- Your objective
Would you please copy each line of the data in which the string "Import" occurs?

______

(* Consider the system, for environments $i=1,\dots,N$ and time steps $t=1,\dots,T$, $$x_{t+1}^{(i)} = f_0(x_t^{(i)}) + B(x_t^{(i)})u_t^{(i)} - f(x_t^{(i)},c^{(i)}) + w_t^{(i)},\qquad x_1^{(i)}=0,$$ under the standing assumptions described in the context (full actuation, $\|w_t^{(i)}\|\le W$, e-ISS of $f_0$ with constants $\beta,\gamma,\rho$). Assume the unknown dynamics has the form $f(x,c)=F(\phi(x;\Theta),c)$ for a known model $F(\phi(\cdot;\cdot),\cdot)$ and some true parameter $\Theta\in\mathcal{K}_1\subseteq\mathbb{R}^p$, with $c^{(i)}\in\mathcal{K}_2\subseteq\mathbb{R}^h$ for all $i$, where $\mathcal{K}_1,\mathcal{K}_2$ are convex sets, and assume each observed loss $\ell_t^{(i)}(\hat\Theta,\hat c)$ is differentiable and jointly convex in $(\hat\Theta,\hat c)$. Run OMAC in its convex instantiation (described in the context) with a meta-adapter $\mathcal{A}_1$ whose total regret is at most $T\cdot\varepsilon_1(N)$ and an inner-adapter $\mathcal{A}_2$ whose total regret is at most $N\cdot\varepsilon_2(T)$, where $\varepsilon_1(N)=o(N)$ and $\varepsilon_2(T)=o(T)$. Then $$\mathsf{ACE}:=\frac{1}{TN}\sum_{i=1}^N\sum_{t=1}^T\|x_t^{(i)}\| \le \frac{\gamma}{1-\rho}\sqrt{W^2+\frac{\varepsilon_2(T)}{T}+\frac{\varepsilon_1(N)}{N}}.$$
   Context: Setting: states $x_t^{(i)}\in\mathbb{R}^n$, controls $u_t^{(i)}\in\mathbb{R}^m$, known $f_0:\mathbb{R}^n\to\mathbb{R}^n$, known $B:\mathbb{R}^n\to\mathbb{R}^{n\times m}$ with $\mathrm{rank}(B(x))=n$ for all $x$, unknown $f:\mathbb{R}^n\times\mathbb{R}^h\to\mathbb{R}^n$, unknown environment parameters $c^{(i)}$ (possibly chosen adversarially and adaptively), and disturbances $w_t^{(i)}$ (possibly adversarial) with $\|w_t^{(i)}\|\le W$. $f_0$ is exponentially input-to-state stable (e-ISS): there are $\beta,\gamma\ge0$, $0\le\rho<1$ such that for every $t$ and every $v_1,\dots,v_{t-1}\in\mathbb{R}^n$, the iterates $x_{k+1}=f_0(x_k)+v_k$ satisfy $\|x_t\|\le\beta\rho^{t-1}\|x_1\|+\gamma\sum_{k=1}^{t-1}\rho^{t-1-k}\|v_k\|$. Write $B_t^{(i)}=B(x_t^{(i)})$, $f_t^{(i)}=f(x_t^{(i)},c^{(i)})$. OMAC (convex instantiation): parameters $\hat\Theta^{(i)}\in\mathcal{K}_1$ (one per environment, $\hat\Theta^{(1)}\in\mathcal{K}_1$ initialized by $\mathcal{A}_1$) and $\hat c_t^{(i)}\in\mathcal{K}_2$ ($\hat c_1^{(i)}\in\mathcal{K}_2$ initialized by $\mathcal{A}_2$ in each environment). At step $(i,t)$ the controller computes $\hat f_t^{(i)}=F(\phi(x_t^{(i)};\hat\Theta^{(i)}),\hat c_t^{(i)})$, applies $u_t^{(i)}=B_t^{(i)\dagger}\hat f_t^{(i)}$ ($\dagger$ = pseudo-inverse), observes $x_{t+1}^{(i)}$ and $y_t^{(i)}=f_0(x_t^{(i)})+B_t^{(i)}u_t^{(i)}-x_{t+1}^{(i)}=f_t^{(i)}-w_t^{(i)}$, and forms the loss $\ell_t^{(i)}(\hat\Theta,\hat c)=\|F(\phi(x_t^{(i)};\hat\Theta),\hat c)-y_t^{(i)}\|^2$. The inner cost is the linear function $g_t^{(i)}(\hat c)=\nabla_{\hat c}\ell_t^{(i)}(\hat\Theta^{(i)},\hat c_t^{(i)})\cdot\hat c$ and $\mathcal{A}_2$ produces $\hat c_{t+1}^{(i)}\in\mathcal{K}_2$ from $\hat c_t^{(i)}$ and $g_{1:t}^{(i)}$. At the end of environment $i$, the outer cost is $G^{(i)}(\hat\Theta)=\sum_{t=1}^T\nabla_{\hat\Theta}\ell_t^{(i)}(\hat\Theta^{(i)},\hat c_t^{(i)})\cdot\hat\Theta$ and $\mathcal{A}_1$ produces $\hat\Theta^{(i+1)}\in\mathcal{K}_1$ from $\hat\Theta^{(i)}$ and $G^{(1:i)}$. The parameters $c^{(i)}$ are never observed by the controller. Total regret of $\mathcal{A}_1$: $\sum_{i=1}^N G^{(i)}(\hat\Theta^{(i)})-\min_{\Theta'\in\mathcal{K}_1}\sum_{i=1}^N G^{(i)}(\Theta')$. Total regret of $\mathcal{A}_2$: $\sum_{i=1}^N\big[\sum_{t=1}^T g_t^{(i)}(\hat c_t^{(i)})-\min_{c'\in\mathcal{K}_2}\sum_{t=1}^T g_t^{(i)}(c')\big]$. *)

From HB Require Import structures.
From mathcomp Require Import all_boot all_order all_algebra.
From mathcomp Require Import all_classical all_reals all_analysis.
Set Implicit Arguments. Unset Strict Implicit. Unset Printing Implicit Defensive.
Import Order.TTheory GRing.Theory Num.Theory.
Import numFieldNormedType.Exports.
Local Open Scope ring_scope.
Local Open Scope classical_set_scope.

______

- Problem solution
From HB Require Import structures.
From mathcomp Require Import all_boot all_order all_algebra.
From mathcomp Require Import all_classical all_reals all_analysis.
Import Order.TTheory GRing.Theory Num.Theory.
Import numFieldNormedType.Exports.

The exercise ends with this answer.